Shin Yu Seob, Pak Shang Weon, Hwang Wonku, Jo Seon Beom, Kim Jong Wook, Oh Mi Mi, Park Hong Seok, Moon Du Geon, Ahn Sun Tae
Department of Urology, Research Institute of Clinical Medicine of Jeonbuk National University-Biomedical Research Institute of Jeonbuk National University Hospital, Jeonbuk National University Medical School, Jeonju, Korea.
Department of Urology, Korea University Guro Hospital, Korea University College of Medicine, Seoul, Korea.
World J Mens Health. 2025 Apr;43(2):387-395. doi: 10.5534/wjmh.240023. Epub 2024 May 30.
To compare the perioperative and postoperative outcomes between traditional trans-vesical robot-assisted simple prostatectomy (TV-RASP) and the newly introduced urethral-sparing (US) RASP.
We retrospectively reviewed 42 patients who underwent TV-RASP (n=22) or US-RASP (n=20) performed by two experienced surgeons at two tertiary centers. Perioperative outcomes including operation time, estimated blood loss, length of hospital stay, and catheterization time were assessed. Postoperative outcomes were evaluated using the International Prostate Symptom Score (IPSS), quality of life (QoL), uroflowmetry parameters, Male Sexual Health Questionnaire-Ejaculation Dysfunction-Short Form (MSHQ-EjD-SF) scores, and maintenance of anterograde ejaculation.
This study analyzed 22 and 20 patients who underwent TV-RASP and US-RASP, respectively. Except for the TV-RASP group being older (70.0 years) than the US-RASP group (64.5 years) (p=0.028), no differences among other baseline characteristics existed. Perioperative outcomes indicated that hospital stay and catheterization time were significantly shorter in the US-RASP group than in the TV-RASP group (p<0.001). At postoperative month 1, the median IPSS and QoL scores were significantly better in the US-RASP group than in the TV-RASP group (p=0.001 and p=0.002, respectively). However, at months 6 and 12, no significant differences were noted in IPSS, QoL, maximum flow rate, and postvoid residual urine between the two groups. Sexually active patients in the US-RASP group maintained postoperative MSHQ-EjD functional and bother scores, whereas the TV-RASP group experienced a decline. Notably, 75.0% of patients in the US-RASP group preserved antegrade ejaculation, compared to only 20.0% in the TV-RASP group (p<0.001).

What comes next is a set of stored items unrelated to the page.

(* Let $\mathcal{M}\subseteq\mathbb{S}^n$ be finite. If $\mathcal{T}(\mathcal{M}')$ is rank-one generated for every $\mathcal{M}'\subseteq\mathcal{M}$, then $\mathcal{S}(\mathcal{M})$ is rank-one generated.
   Context: $\mathbb{S}^n$ denotes real symmetric $n\times n$ matrices with $\langle A,B\rangle=\mathrm{tr}(AB)$, $\mathbb{S}^n_+$ the PSD cone. For $\mathcal{M}\subseteq\mathbb{S}^n$, $\mathcal{S}(\mathcal{M})=\{X\in\mathbb{S}^n_+:\langle M,X\rangle\ge0\ \forall M\in\mathcal{M}\}$ and $\mathcal{T}(\mathcal{M})=\{X\in\mathbb{S}^n_+:\langle M,X\rangle=0\ \forall M\in\mathcal{M}\}$ (so $\mathcal{T}(\emptyset)=\mathbb{S}^n_+$). A closed convex cone $\mathcal{S}\subseteq\mathbb{S}^n_+$ is rank-one generated (ROG) if $\mathcal{S}=\mathrm{conv}(\mathcal{S}\cap\{xx^\top:x\in\mathbb{R}^n\})$. *)

From HB Require Import structures.
From mathcomp Require Import all_boot all_order all_algebra.
From mathcomp Require Import reals.
Set Implicit Arguments. Unset Strict Implicit. Unset Printing Implicit Defensive.
Import Order.TTheory GRing.Theory Num.Theory.
Local Open Scope ring_scope.

Section Defs.
Variables (R : realType) (n : nat).

Definition symm (X : 'M[R]_n) : Prop := X^T = X.

Definition psd (X : 'M[R]_n) : Prop :=
  symm X /\ forall x : 'cV[R]_n, 0 <= (x^T *m X *m x) ord0 ord0.

Definition inner (A B : 'M[R]_n) : R := \tr (A *m B).

Definition Scone (M : 'M[R]_n -> Prop) (X : 'M[R]_n) : Prop :=
  psd X /\ forall A, M A -> 0 <= inner A X.
Definition Tcone (M : 'M[R]_n -> Prop) (X : 'M[R]_n) : Prop :=
  psd X /\ forall A, M A -> inner A X = 0.

Definition rank_one (Y : 'M[R]_n) : Prop := exists x : 'cV[R]_n, Y = x *m x^T.

Definition conv (P : 'M[R]_n -> Prop) (X : 'M[R]_n) : Prop :=
  exists (k : nat) (lam : 'I_k -> R) (Y : 'I_k -> 'M[R]_n),
    [/\ forall i, 0 <= lam i, \sum_(i < k) lam i = 1,
        forall i, P (Y i) & X = \sum_(i < k) lam i *: Y i].

Definition ROG (S : 'M[R]_n -> Prop) : Prop :=
  forall X, S X <-> conv (fun Y => S Y /\ rank_one Y) X.

End Defs.

From HB Require Import structures.
From mathcomp Require Import all_boot all_order all_algebra.
From mathcomp Require Import reals.
From mathcomp Require Import ring lra.
Set Implicit Arguments. Unset Strict Implicit. Unset Printing Implicit Defensive.
Import Order.TTheory GRing.Theory Num.Theory.
Local Open Scope ring_scope.

(* Induct on the number of constraints of M that are slack at X in S(M).  The
   constraints active at X form some M' included in M, and X lies in T(M'), so
   by hypothesis X is a sum of rank-one matrices y y^T of T(M').  Moving from X
   along -y or +y keeps the active constraints active and stays PSD (up to
   X - y on one side, forever on the other).  On each side, either the segment
   stays in S(M), or it leaves S(M) at a point where one more constraint
   becomes active, which is handled by induction; X is a convex combination of
   the two points so obtained.  The only other case is that X - y is reached
   with the same active set, and then its shorter decomposition is used. *)

Lemma sub_in_count (T : eqType) (s : seq T) (p q : pred T) :
  {in s, forall x, p x -> q x} -> (count p s <= count q s)%N.
Proof.
move=> pq; rewrite -(@eq_in_count _ (predI p q)) ?sub_count // => [x /andP[] //|].
by move=> x xs /=; case: (boolP (p x)) => // /(pq x xs) ->.
Qed.

Lemma sub_in_count_lt (T : eqType) (s : seq T) (p q : pred T) :
  {in s, forall x, p x -> q x} -> (exists2 x, x \in s & q x && ~~ p x) ->
  (count p s < count q s)%N.
Proof.
move=> pq [x xs /andP[qx npx]].
have -> : count p s = count p (filter q s).
  rewrite count_filter; apply: eq_in_count => y ys /=.
  by case: (boolP (p y)) => // /(pq y ys) ->.
rewrite -[count q s]size_filter -(count_predC p) -[X in (X < _)%N]addn0.
rewrite ltn_add2l -has_count.
by apply/hasP; exists x; rewrite // mem_filter qx.
Qed.

Lemma seq_argmin (T : eqType) (R : realDomainType) (s : seq T) (P : pred T)
    (r : T -> R) :
  has P s -> exists2 x, (x \in s) && P x & {in s, forall y, P y -> r x <= r y}.
Proof.
elim: s => //= y s IH; have [/IH [x /andP[xs Px] xmin] _|noP] := boolP (has P s).
  have [/andP[Py ryx]|nPy] := boolP (P y && (r y < r x)).
    exists y; rewrite ?mem_head //= => z; rewrite inE => /orP[/eqP -> //|zs Pz].
    by rewrite (le_trans (ltW ryx)) ?xmin.
  exists x; rewrite ?inE ?xs ?orbT //= => z; rewrite inE => /orP[/eqP -> Py|].
    by move: nPy; rewrite Py /= -leNgt.
  exact: xmin.
rewrite orbF => Py; exists y; rewrite ?mem_head //= => z.
by rewrite inE => /orP[/eqP -> //|zs Pz]; move/hasPn: noP => /(_ z zs); rewrite Pz.
Qed.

US-RASP is not inferior to TV-RASP in terms of functional outcomes. In addition, US-RASP yielded more rapid symptom improvements and preserved antegrade ejaculation than TV-RASP. However, larger prospective studies are required to confirm these findings and to further investigate the long-term efficacy and safety of US-RASP.
比较传统经膀胱机器人辅助单纯前列腺切除术(TV-RASP)与新引入的保留尿道(US)RASP的围手术期和术后结果。
我们回顾性分析了42例患者,其中22例接受了TV-RASP,20例接受了US-RASP,手术由两个三级中心的两名经验丰富的外科医生进行。评估围手术期结果,包括手术时间、估计失血量、住院时间和导尿时间。使用国际前列腺症状评分(IPSS)、生活质量(QoL)、尿流率参数、男性性健康问卷-射精功能障碍-简表(MSHQ-EjD-SF)评分以及顺行射精的维持情况来评估术后结果。
本研究分别分析了22例接受TV-RASP和20例接受US-RASP的患者。除TV-RASP组患者年龄(70.0岁)大于US-RASP组(64.5岁)(p=0.028)外,其他基线特征无差异。围手术期结果表明,US-RASP组的住院时间和导尿时间明显短于TV-RASP组(p<0.001)。术后第1个月,US-RASP组的IPSS和QoL评分中位数明显优于TV-RASP组(分别为p=0.001和p=0.002)。然而,在术后6个月和12个月时,两组在IPSS、QoL、最大尿流率和残余尿量方面无显著差异。US-RASP组有性活动的患者术后MSHQ-EjD功能和困扰评分保持不变,而TV-RASP组则有所下降。值得注意的是,US-RASP组75.0%的患者保留了顺行射精,而TV-RASP组仅为20.0%(p<0.001)。
在功能结果方面,US-RASP并不逊于TV-RASP。此外,与TV-RASP相比,US-RASP能更快改善症状并保留顺行射精。然而,需要更大规模的前瞻性研究来证实这些发现,并进一步研究US-RASP的长期疗效和安全性。